* **Records**:
##########

(* Let $M\ge1$, let $\tau=(c,c,\ldots,c)\in\mathbb{R}^{M+1}_{>0}$ be a constant $M$-layer travel time vector and $\tau'=(c,\ldots,c)\in\mathbb{R}^{M+2}_{>0}$ its extension to a constant $(M+1)$-layer vector. Let $\mathcal{R}\subset(-1,1)^{M+1}$ be the set of all $R=(R_0,\ldots,R_M)$ for which there exists a nonzero $R_{M+1}\in(-1,1)$ such that, with $R'=(R_0,\ldots,R_{M+1})$, the models $(\tau,R)$ and $(\tau',R')$ have the same data, i.e. $D^{(\tau,R)}=D^{(\tau',R')}$ as measures. Then $\mathcal{R}$ has positive Lebesgue measure in $\mathbb{R}^{M+1}$.
   Context: An $N$-layer model ($N\ge1$) is $(\tau,R)$ with $\tau\in\mathbb{R}^{N+1}_{>0}$, $R\in(-1,1)^{N+1}$. $\mathfrak{L}_N\subset\mathbb{Z}^{N+1}_{\geq0}$: all $k$ with $k_0=1$ and $k_n>0\Rightarrow k_{n-1}>0$ ($1\le n\le N$); $\mathfrak{L}^\tau_N=\{k\in\mathfrak{L}_N:\langle k,\tau\rangle\le\langle\mathbb{1},\tau\rangle\}$. Amplitude polynomial: $\mathbb{1}=(1,\ldots,1)$; inequalities and $\min$ entrywise; $x^k=\prod_n x_n^{k_n}$, $\binom{k}{b}=\prod_n\binom{k_n}{b_n}$; $\tilde k=(k_1,\ldots,k_N,0)$, $u=\min\{\mathbb{1},\tilde k\}$, $V(k)=\{b:u\le b\le\min\{k,\tilde k\}\}$, $a(x,k)=\sum_{b\in V(k)}\binom{k}{b}\binom{\tilde k-u}{b-u}(-x)^{\tilde k-b}x^{k-b}\prod_n(1-x_n^2)^{b_n}$. The data of an $N$-layer model is the discrete measure $D^{(\tau,R)}(t)=\sum_{k\in\mathfrak{L}^\tau_N}a(R,k)\delta(t-\langle k,\tau\rangle)$ (equal to the truncated impulse response $\chi_{[0,|\tau|]}G^{(\tau,R)}$ of the layered medium, $|\tau|=\sum_n\tau_n$). *)

From Stdlib Require Import Bool Reals Lra Lia Arith List ClassicalEpsilon.
Import ListNotations.
Open Scope R_scope.
(* Let $\Gamma\subset\mathbb S^2$ be half of a great circle joining the north pole $e_3$ and the south pole $-e_3$, and for $r>0$ let $S=\overline{\bigcup_{x\in\Gamma}B(x,r)}$ (metric balls of the round metric). There is $r_0>0$ such that for every $r\in(0,r_0)$, the round sphere $\mathbb S^2$ with measurement set $S$ is $\mathrm{FLIE}_\varepsilon$ for $\varepsilon=r$, but it is not $\mathrm{FLIE}_\varepsilon$ for every $\varepsilon>0$.
   Context: $\mathbb S^2$ carries the round distance. For compact length space $(X,d)$ and closed $S\subset X$, $\mathcal R_{X,S}(p)(z)=d(p,z)$, $z\in S$; $(X,d)$ with $S$ is $\mathrm{FLIE}_\varepsilon$ if $\mathcal R_{X,S}\colon(X,d)\to(C(S),\|\cdot\|_\infty)$ is a topological embedding and $\|\mathcal R_{X,S}(p)-\mathcal R_{X,S}(q)\|_\infty=d(p,q)$ whenever $d(p,q)<\varepsilon$. *)

From Stdlib Require Import Reals.
From Coquelicot Require Import Coquelicot.
Open Scope R_scope.

Definition pt : Type := (R * R * R)%type.

Definition dot (p q : pt) : R :=
  let '(a, b, c) := p in let '(x, y, z) := q in a * x + b * y + c * z.

Definition vadd (p q : pt) : pt :=
  let '(a, b, c) := p in let '(x, y, z) := q in (a + x, b + y, c + z).

Definition vscale (t : R) (p : pt) : pt :=
  let '(a, b, c) := p in (t * a, t * b, t * c).

Definition on_sphere (p : pt) : Prop := dot p p = 1.
Definition sdist (p q : pt) : R := acos (dot p q).

Definition e3 : pt := (0, 0, 1).

Definition half_gc (u : pt) (x : pt) : Prop :=
  exists t, 0 <= t <= PI /\ x = vadd (vscale (cos t) e3) (vscale (sin t) u).

(* S = closure (in S^2) of the union of the open metric balls B(x,r), x in Gamma. *)
Definition meas_set (u : pt) (r : R) (p : pt) : Prop :=
  on_sphere p /\
  forall delta, 0 < delta ->
    exists q, on_sphere q /\ sdist p q < delta /\
      exists x, half_gc u x /\ sdist q x < r.

(* || R_{X,S}(p) - R_{X,S}(q) ||_infty = sup_{z in S} |d(p,z) - d(q,z)| *)
Definition supdist (S : pt -> Prop) (p q : pt) : R :=
  real (Lub_Rbar (fun v => exists z, S z /\ v = Rabs (sdist p z - sdist q z))).

(* FLIE_eps for (S^2, round distance) with measurement set S:
   R_{X,S} is a topological embedding into (C(S), sup norm)
   (injective, continuous, with continuous inverse on its image), and it is
   isometric on pairs at distance < eps. *)
Definition FLIE (S : pt -> Prop) (eps : R) : Prop :=
  (forall p q, on_sphere p -> on_sphere q ->
     (forall z, S z -> sdist p z = sdist q z) -> p = q) /\
  (forall p, on_sphere p -> forall eta, 0 < eta -> exists delta, 0 < delta /\
     forall q, on_sphere q -> sdist p q < delta -> supdist S p q < eta) /\
  (forall p, on_sphere p -> forall eta, 0 < eta -> exists delta, 0 < delta /\
     forall q, on_sphere q -> supdist S p q < delta -> sdist p q < eta) /\
  (forall p q, on_sphere p -> on_sphere q -> sdist p q < eps ->
     supdist S p q = sdist p q).

From Stdlib Require Import Reals Lra Psatz.
From Coquelicot Require Import Coquelicot.
Open Scope R_scope.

##########

* **Exercise instructions**: Among the entries, find each line that includes the string "Prop" and copy it.

* **Result**:
Definition on_sphere (p : pt) : Prop := dot p p = 1.
Definition half_gc (u : pt) (x : pt) : Prop :=
Definition meas_set (u : pt) (r : R) (p : pt) : Prop :=
Definition supdist (S : pt -> Prop) (p q : pt) : R :=
Definition FLIE (S : pt -> Prop) (eps : R) : Prop :=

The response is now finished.